◆ **TASK OBJECTIVE**
Every line of the entries below that mentions "Honly" is to be copied out.

◆ **Extracted data entries**
Definition gens (p : nat) : seq (int * int) :=
  [seq v <- [seq (a, b) | a <- zrange p, b <- zrange p]
     | (gcdz v.1 v.2 == 1) && lexpos v].

Definition inH (R : realFieldType) (p : nat) (x : R * R) : Prop :=
  exists t : nat -> R,
    (forall i, (i < size (gens p))%N -> 0 <= t i <= 1) /\
    x.1 = \sum_(i < size (gens p)) t i * ((nth (0,0) (gens p) i).1)%:~R /\
    x.2 = \sum_(i < size (gens p)) t i * ((nth (0,0) (gens p) i).2)%:~R.

Definition is_vertex (R : realFieldType) (p : nat) (x : R * R) : Prop :=
  inH p x /\
  forall (y z : R * R) (lam : R), inH p y -> inH p z -> 0 < lam < 1 ->
    x.1 = lam * y.1 + (1 - lam) * z.1 ->
    x.2 = lam * y.2 + (1 - lam) * z.2 -> y = z.

From mathcomp Require Import all_boot all_order all_algebra zify ring lra.
Set Implicit Arguments. Unset Strict Implicit. Unset Printing Implicit Defensive.
Import Order.TTheory GRing.Theory Num.Theory.

(* Write H = {sum_i t_i g_i | t in [0,1]^n} over the generators g_i.  At a
   vertex every t_i is 0 or 1, since otherwise moving t_i both ways stays in H.
   Flipping the unselected generators to -g_i gives signed generators s_i with
   no positive dependency among three of them (it would produce a second,
   fractional representation of the vertex), so they lie in a half-plane and
   the vertex selects exactly the g_i in a half-open half-plane whose boundary
   ray is spanned by a primitive vector c of the box [-p, p]^2.  Conversely,
   for each such c this selection is the unique maximiser of a generic
   perturbation of the functional <c, .>, hence a vertex, and c is recovered
   from it.  So vertices correspond to the 8 * sum_j phi(j) primitive vectors
   of the box. *)

Section IntegerVectors.
Local Open Scope ring_scope.
Implicit Types (c v w : int * int).

Definition dot c v : int := c.1 * v.1 + c.2 * v.2.
Definition cross v w : int := v.1 * w.2 - v.2 * w.1.
Definition rot v : int * int := (- v.2, v.1).
Definition negv v : int * int := (- v.1, - v.2).

Definition posv c v : bool :=
  (0 < dot c v) || ((dot c v == 0) && (0 < dot (rot c) v)).

Lemma crossvv v : cross v v = 0.
Proof. by rewrite /cross mulrC subrr. Qed.

Lemma crossC v w : cross w v = - cross v w.
Proof. by rewrite /cross; ring. Qed.

Lemma cross_negvl v w : cross (negv v) w = - cross v w.
Proof. by rewrite /cross /negv /=; ring. Qed.

Lemma cross_negvr v w : cross v (negv w) = - cross v w.
Proof. by rewrite /cross /negv /=; ring. Qed.

Lemma dot_negvl v w : dot (negv v) w = - dot v w.
Proof. by rewrite /dot /negv /=; ring. Qed.

Lemma dot_negvr c v : dot c (negv v) = - dot c v.
Proof. by rewrite /dot /negv /=; ring. Qed.

Lemma negvK : involutive negv.
Proof. by case=> a b; rewrite /negv /= !opprK. Qed.

Lemma cross_cyclic_dep u v w :
  cross v w * u.1 + cross w u * v.1 + cross u v * w.1 = 0 /\
  cross v w * u.2 + cross w u * v.2 + cross u v * w.2 = 0.
Proof. by rewrite /cross; split; ring. Qed.
(* Let $\mathcal U_1,\mathcal U_2$ be essential covers of $X$, let $f\colon X\to X$ be a map, and let $\mathcal F_1\colon\mathcal U_1\multimap\mathcal U_1$ be a representation of $f$. If $\mathcal R^-(\mathcal U_2)>\mathcal R^+(\mathcal F_1)$, then every representation $\mathcal F_2\colon\mathcal U_2\multimap\mathcal U_2$ of $f$ is coarser than $\mathcal F_1$ (i.e. $\mathcal F_1$ is finer than $\mathcal F_2$).
   Context: $X$ is a nonempty metric space with bounded metric $d$; $B(x,r)=\{y\in X:d(x,y)<r\}$ for $r>0$ and $B(x,0)=\{x\}$. For a family $\mathcal A$ of subsets of $X$, $|\mathcal A|:=\bigcup_{A\in\mathcal A}A$. A cover of $X$ is a finite family $\mathcal U$ of open subsets of $X$ with $|\mathcal U|=X$. A cover $\mathcal U$ is essential if there is $\varepsilon>0$ such that every $U\in\mathcal U$ contains a point $x$ with $B(x,\varepsilon)\subset U$ and $B(x,\varepsilon)\cap W=\emptyset$ for all $W\in\mathcal U\setminus\{U\}$. Inner resolution: $\mathcal R^-(\mathcal U)=\sup\{d\ge0:\forall x\in X\ \exists U\in\mathcal U:\ B(x,d)\subset U\}$. $\mathcal U_1\prec\mathcal U_2$ means every element of $\mathcal U_1$ is contained in some element of $\mathcal U_2$ and every element of $\mathcal U_2$ contains some element of $\mathcal U_1$. A combinatorial map $\mathcal F\colon\mathcal U\multimap\mathcal U$ assigns to each $U\in\mathcal U$ a subset $\mathcal F(U)\subset\mathcal U$; it is a representation of $f$ if $\mathcal F(U)\supseteq\{W\in\mathcal U:W\cap f(U)\neq\emptyset\}$ for all $U$. $\mathcal R^+(\mathcal F)=\max\{\operatorname{diam}U,\operatorname{diam}|\mathcal F(U)|:U\in\mathcal U\}$. $\mathcal F_1\colon\mathcal U_1\multimap\mathcal U_1$ is finer than $\mathcal F_2\colon\mathcal U_2\multimap\mathcal U_2$ if $\mathcal U_1\prec\mathcal U_2$ and for every $U_1\in\mathcal U_1$ and every $U_2\in\mathcal U_2$ with $U_1\subset U_2$, every element of $\mathcal F_1(U_1)$ is contained in some element of $\mathcal F_2(U_2)$. *)

From Stdlib Require Import Reals List.
Open Scope R_scope.

Section Defs.
Context {X : Type} (d : X -> X -> R).

Definition is_metric : Prop :=
  (forall x y, 0 <= d x y) /\ (forall x y, d x y = 0 <-> x = y) /\
  (forall x y, d x y = d y x) /\ (forall x y z, d x z <= d x y + d y z).

Definition bounded_metric : Prop := exists M, forall x y, d x y <= M.

Definition ball (x : X) (r : R) (y : X) : Prop :=
  (0 < r /\ d x y < r) \/ (r <= 0 /\ y = x).

Definition is_open (A : X -> Prop) : Prop :=
  forall x, A x -> exists e, 0 < e /\ forall y, d x y < e -> A y.

Definition subset (A B : X -> Prop) : Prop := forall x, A x -> B x.

(* |A| for a finite family given as a list *)
Definition union (l : list (X -> Prop)) (x : X) : Prop :=
  exists A, In A l /\ A x.

Definition is_cover (U : list (X -> Prop)) : Prop :=
  (forall A, In A U -> is_open A) /\ (forall x, union U x).

Definition is_essential (U : list (X -> Prop)) : Prop :=
  exists eps, 0 < eps /\
    forall A, In A U -> exists x,
      subset (ball x eps) A /\
      (forall W, In W U -> W <> A -> forall y, ball x eps y -> ~ W y).

Definition essential_cover (U : list (X -> Prop)) : Prop :=
  is_cover U /\ is_essential U.

Definition inner_res_ok (U : list (X -> Prop)) (r : R) : Prop :=
  0 <= r /\ forall x, exists A, In A U /\ subset (ball x r) A.

(* R^-(U) > r  (R^- is the sup of admissible radii, possibly +infinity) *)
Definition inner_res_gt (U : list (X -> Prop)) (r : R) : Prop :=
  exists s, inner_res_ok U s /\ r < s.

Definition diam_le (A : X -> Prop) (r : R) : Prop :=
  forall x y, A x -> A y -> d x y <= r.

Definition comb_map (U : list (X -> Prop)) (F : (X -> Prop) -> list (X -> Prop)) : Prop :=
  forall A, In A U -> forall W, In W (F A) -> In W U.

Definition is_representation (f : X -> X) (U : list (X -> Prop))
    (F : (X -> Prop) -> list (X -> Prop)) : Prop :=
  comb_map U F /\
  forall A, In A U -> forall W, In W U -> (exists x, A x /\ W (f x)) -> In W (F A).

(* R^+(F) <= r, i.e. max over A in U of diam A and diam |F(A)| is <= r *)
Definition outer_res_le (U : list (X -> Prop)) (F : (X -> Prop) -> list (X -> Prop)) (r : R) : Prop :=
  forall A, In A U -> diam_le A r /\ diam_le (union (F A)) r.

Definition refines (U1 U2 : list (X -> Prop)) : Prop :=
  (forall A, In A U1 -> exists B, In B U2 /\ subset A B) /\
  (forall B, In B U2 -> exists A, In A U1 /\ subset A B).

Definition finer (U1 : list (X -> Prop)) (F1 : (X -> Prop) -> list (X -> Prop))
    (U2 : list (X -> Prop)) (F2 : (X -> Prop) -> list (X -> Prop)) : Prop :=
  refines U1 U2 /\
  forall A1, In A1 U1 -> forall A2, In A2 U2 -> subset A1 A2 ->
    forall V, In V (F1 A1) -> exists W, In W (F2 A2) /\ subset V W.

End Defs.

From Stdlib Require Import Reals List Lra Classical.
Open Scope R_scope.

(* One geometric fact drives everything: if R^-(U) > r, then
   every nonempty set of diameter at most r lies inside a single element
   of U (centre a ball of admissible radius s > r at any of its points).
   With R^-(U2) > r >= R^+(F1) this applies to each A in U1 and to each
   union |F1(A)|; essential covers enter only through their "essential
   points", which are nonempty witnesses and lie in no other element.
   - U1 < U2: each A in U1 is nonempty of diameter <= r, so it lies in
     some B in U2; conversely the essential point x of B in U2 lies in some
     A in U1, and the element of U2 containing A must be B itself.
   - F1 finer than F2: for A1 <= A2 pick a in A1; then f a lies in
     |F1(A1)|, which sits inside some W in U2, and W meets f(A2), so W is
     in F2(A2) and contains every element of F1(A1). *)

Section Resolution.

Variable X : Type.
Variable d : X -> X -> R.
Hypothesis d_metric : is_metric d.

(* Only nonnegativity and d x x = 0 of the metric are ever used. *)
Lemma dist_nonneg : forall x y, 0 <= d x y.
Proof. destruct d_metric as [H _]; exact H. Qed.

Lemma dist_refl : forall x, d x x = 0.
Proof. destruct d_metric as [_ [H _]]; intro x; apply H; reflexivity. Qed.

Lemma ball_center : forall x r, ball d x r x.
Proof.
  intros x r. destruct (Rle_or_lt r 0) as [Hr | Hr].
  - right; auto.
  - left; split; [exact Hr | rewrite dist_refl; exact Hr].
Qed.

Lemma ball_of_dist_lt : forall x y s, d x y < s -> ball d x s y.
Proof.
  intros x y s H. left; split; [| exact H].
  pose proof (dist_nonneg x y); lra.
Qed.

(* The key fact: when R^-(U) exceeds r (witnessed by an admissible radius
   s > r), a set of diameter <= r containing a point x lies in an element
   of U, namely one containing B(x,s). *)
Lemma small_set_in_cover_element :
  forall (U : list (X -> Prop)) (A : X -> Prop) (r s : R) (x : X),
    inner_res_ok d U s -> r < s -> diam_le d A r -> A x ->
    exists B, In B U /\ subset A B.
Proof.
  intros U A r s x [_ Hs] Hrs HA Ax.
  destruct (Hs x) as [B [HB HballB]].
  exists B; split; [exact HB |].
  intros y Ay. apply HballB, ball_of_dist_lt.
  pose proof (HA x y Ax Ay); lra.
Qed.

Lemma essential_point :
  forall (U : list (X -> Prop)) (A : X -> Prop),
    is_essential d U -> In A U ->
    exists x, A x /\ forall W, In W U -> W x -> W = A.
Proof.
  intros U A [e [_ He]] HA.
  destruct (He A HA) as [x [Hsub Hdisj]].
  exists x; split; [apply Hsub, ball_center |].
  intros W HW Wx. apply NNPP; intro NE.
  exact (Hdisj W HW NE x (ball_center x e) Wx).
Qed.

Lemma essential_covers_refine :
  forall (U1 U2 : list (X -> Prop)) (r s : R),
    essential_cover d U1 -> is_essential d U2 ->
    (forall A, In A U1 -> diam_le d A r) ->
    inner_res_ok d U2 s -> r < s ->
    refines U1 U2.
Proof.
  intros U1 U2 r s [[_ Hcov1] Hess1] Hess2 Hdiam Hs Hrs. split.
  - intros A HA.
    destruct (essential_point U1 A Hess1 HA) as [a [Aa _]].
    exact (small_set_in_cover_element U2 A r s a Hs Hrs (Hdiam A HA) Aa).
  - intros B HB.
    destruct (essential_point U2 B Hess2 HB) as [x [Bx Honly]].
    destruct (Hcov1 x) as [A [HA Ax]].
    destruct (small_set_in_cover_element U2 A r s x Hs Hrs (Hdiam A HA) Ax)
      as [B' [HB' HAB']].
    exists A; split; [exact HA |].
    rewrite <- (Honly B' HB' (HAB' x Ax)); exact HAB'.
Qed.

Lemma representation_image :
  forall (f : X -> X) (U : list (X -> Prop)) (F : (X -> Prop) -> list (X -> Prop))
         (A : X -> Prop) (a : X),
    is_cover d U -> is_representation f U F -> In A U -> A a ->
    union (F A) (f a).
Proof.
  intros f U F A a [_ Hcov] [_ Hrep] HA Aa.
  destruct (Hcov (f a)) as [V [HV Vfa]].
  exists V; split; [apply Hrep; eauto | exact Vfa].
Qed.

Lemma representation_refines :
  forall (f : X -> X) (U1 U2 : list (X -> Prop))
         (F1 F2 : (X -> Prop) -> list (X -> Prop)) (r s : R),
    is_cover d U1 -> is_essential d U1 ->
    is_representation f U1 F1 -> is_representation f U2 F2 ->
    (forall A, In A U1 -> diam_le d (union (F1 A)) r) ->
    inner_res_ok d U2 s -> r < s ->
    forall A1, In A1 U1 -> forall A2, In A2 U2 -> subset A1 A2 ->
      forall V, In V (F1 A1) -> exists W, In W (F2 A2) /\ subset V W.
Proof.
  intros f U1 U2 F1 F2 r s Hcov1 Hess1 HF1 [_ HF2] Hdiam Hs Hrs
         A1 HA1 A2 HA2 HA12 V HV.
  destruct (essential_point U1 A1 Hess1 HA1) as [a [A1a _]].
  pose proof (representation_image f U1 F1 A1 a Hcov1 HF1 HA1 A1a) as Hfa.
  destruct (small_set_in_cover_element U2 (union (F1 A1)) r s (f a)
              Hs Hrs (Hdiam A1 HA1) Hfa) as [W [HW HsubW]].
  exists W; split.
  - apply HF2; [exact HA2 | exact HW |].
    exists a; split; [exact (HA12 a A1a) | exact (HsubW (f a) Hfa)].
  - intros y Vy. apply HsubW. exists V; split; assumption.
Qed.

End Resolution.

Theorem mainTheorem4 (X : Type) (d : X -> X -> R)
  (hX : inhabited X) (hd : is_metric d) (hb : bounded_metric d)
  (U1 U2 : list (X -> Prop))
  (hU1 : essential_cover d U1) (hU2 : essential_cover d U2)
  (f : X -> X) (F1 : (X -> Prop) -> list (X -> Prop))
  (hF1 : is_representation f U1 F1)
  (hres : exists r, outer_res_le d U1 F1 r /\ inner_res_gt d U2 r) :
  forall F2 : (X -> Prop) -> list (X -> Prop),
    is_representation f U2 F2 -> finer U1 F1 U2 F2.
Proof.
  intros F2 hF2.
  destruct hres as [r [hout [s [hs hrs]]]].
  assert (hdiamA : forall A, In A U1 -> diam_le d A r)
    by (intros A HA; apply (hout A HA)).
  assert (hdiamF : forall A, In A U1 -> diam_le d (union (F1 A)) r)
    by (intros A HA; apply (hout A HA)).
  split.
  - exact (essential_covers_refine X d hd U1 U2 r s hU1 (proj2 hU2)
             hdiamA hs hrs).
  - exact (representation_refines X d hd f U1 U2 F1 F2 r s (proj1 hU1)
             (proj2 hU1) hF1 hF2 hdiamF hs hrs).
Qed.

◆ **WORKED SOLUTION**
    destruct (essential_point U2 B Hess2 HB) as [x [Bx Honly]].
    rewrite <- (Honly B' HB' (HAB' x Ax)); exact HAB'.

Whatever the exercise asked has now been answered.